Materials provided:
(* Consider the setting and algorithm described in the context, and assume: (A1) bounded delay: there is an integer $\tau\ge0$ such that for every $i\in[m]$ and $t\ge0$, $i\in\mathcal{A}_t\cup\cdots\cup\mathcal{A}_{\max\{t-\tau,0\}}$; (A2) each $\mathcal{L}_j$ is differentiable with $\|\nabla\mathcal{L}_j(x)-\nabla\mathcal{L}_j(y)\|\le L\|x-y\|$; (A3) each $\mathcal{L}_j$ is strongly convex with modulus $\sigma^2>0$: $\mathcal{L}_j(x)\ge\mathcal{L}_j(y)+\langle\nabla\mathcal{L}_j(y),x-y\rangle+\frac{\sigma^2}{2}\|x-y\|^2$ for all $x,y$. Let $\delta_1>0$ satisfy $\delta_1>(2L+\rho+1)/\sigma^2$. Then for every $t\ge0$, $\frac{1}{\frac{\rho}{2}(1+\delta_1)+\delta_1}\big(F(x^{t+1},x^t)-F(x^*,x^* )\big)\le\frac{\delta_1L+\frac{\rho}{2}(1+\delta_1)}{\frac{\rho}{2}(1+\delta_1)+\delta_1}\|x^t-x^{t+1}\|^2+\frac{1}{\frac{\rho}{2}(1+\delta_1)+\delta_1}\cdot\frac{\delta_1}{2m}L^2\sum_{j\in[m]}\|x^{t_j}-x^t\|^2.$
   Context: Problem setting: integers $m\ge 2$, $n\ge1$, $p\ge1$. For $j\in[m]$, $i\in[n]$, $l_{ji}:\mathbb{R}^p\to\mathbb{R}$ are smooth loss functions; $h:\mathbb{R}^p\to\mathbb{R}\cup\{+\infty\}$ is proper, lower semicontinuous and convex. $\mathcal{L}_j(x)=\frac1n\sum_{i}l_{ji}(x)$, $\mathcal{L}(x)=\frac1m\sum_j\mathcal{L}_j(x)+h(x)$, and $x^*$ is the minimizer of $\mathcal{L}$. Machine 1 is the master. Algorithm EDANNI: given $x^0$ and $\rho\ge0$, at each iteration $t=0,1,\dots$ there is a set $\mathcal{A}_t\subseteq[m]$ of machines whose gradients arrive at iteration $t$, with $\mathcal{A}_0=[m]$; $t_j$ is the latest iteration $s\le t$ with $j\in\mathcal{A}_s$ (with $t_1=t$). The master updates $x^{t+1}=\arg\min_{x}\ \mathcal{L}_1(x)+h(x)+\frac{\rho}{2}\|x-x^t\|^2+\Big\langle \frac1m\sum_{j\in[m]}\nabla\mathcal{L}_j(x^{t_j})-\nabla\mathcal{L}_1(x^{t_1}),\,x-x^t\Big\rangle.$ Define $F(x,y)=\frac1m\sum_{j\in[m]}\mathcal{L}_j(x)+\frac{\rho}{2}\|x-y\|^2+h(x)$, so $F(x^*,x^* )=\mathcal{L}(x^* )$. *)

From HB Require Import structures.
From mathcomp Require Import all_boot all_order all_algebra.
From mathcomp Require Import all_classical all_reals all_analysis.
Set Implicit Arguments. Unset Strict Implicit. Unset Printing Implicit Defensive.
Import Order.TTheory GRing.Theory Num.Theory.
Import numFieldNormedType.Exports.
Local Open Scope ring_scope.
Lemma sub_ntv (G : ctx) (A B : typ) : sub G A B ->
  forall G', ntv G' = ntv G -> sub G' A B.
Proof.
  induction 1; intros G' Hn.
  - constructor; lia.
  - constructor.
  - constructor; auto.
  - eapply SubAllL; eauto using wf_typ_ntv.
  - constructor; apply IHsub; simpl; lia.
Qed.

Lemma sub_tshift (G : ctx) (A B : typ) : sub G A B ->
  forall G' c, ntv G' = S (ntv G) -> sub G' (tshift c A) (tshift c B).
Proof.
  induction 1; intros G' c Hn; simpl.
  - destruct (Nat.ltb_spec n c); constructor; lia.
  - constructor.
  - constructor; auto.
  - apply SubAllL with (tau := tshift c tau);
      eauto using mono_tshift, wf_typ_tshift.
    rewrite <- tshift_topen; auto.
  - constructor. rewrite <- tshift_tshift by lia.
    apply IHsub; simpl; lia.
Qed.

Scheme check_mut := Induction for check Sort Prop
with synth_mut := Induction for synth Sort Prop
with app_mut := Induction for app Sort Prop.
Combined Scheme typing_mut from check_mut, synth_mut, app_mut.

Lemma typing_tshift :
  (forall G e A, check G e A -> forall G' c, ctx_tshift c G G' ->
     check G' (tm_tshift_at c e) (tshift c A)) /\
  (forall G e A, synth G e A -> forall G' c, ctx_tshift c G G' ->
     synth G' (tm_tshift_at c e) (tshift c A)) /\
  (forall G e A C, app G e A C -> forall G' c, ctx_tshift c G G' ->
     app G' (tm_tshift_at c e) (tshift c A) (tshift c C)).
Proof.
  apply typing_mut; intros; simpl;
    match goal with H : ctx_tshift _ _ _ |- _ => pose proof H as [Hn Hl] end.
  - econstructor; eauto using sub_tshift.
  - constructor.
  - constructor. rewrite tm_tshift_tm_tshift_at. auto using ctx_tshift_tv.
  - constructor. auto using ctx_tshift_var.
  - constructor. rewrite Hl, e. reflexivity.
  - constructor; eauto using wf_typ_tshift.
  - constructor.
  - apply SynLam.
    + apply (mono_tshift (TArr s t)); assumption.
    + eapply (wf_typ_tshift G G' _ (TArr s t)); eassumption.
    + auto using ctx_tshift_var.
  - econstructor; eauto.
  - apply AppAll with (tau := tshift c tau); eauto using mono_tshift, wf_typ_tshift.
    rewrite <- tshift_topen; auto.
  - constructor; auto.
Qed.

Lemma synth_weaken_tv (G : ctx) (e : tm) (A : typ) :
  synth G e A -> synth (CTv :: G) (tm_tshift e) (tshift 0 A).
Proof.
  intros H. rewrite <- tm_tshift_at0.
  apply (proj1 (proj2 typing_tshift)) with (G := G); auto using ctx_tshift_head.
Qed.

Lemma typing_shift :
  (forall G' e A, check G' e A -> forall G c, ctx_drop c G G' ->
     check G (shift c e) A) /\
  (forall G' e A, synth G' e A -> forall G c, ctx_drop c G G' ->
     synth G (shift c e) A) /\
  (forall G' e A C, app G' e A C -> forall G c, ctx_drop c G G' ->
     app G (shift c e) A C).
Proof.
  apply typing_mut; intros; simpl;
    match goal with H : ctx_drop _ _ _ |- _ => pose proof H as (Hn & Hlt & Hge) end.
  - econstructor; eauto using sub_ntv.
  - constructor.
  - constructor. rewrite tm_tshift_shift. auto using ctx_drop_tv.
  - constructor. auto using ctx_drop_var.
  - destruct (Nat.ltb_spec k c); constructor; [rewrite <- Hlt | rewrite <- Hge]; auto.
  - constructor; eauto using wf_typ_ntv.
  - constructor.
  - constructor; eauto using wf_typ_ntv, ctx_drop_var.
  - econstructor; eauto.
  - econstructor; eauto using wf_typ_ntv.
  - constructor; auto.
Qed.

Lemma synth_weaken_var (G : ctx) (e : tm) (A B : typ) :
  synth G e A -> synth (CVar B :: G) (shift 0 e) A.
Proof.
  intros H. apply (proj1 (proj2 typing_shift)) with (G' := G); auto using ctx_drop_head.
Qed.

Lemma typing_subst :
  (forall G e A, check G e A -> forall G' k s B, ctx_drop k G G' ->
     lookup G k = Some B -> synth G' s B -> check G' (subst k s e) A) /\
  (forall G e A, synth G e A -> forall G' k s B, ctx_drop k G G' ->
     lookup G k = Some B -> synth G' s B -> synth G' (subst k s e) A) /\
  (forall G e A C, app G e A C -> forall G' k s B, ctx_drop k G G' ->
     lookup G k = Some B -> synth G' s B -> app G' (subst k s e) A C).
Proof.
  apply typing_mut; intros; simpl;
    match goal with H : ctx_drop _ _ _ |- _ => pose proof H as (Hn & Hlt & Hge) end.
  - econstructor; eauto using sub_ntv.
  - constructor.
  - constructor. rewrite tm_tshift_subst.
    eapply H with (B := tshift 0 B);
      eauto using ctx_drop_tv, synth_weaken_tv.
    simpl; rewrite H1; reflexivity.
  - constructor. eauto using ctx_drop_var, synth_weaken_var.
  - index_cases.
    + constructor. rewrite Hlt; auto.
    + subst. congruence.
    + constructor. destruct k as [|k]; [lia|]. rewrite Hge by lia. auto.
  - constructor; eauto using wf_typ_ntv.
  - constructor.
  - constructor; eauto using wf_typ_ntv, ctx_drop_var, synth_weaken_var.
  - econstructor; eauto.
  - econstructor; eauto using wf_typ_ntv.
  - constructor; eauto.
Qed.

Task requirements:
Count how many lines of the listing include "intros". Nothing but the number is wanted.

Output of the exercise:
7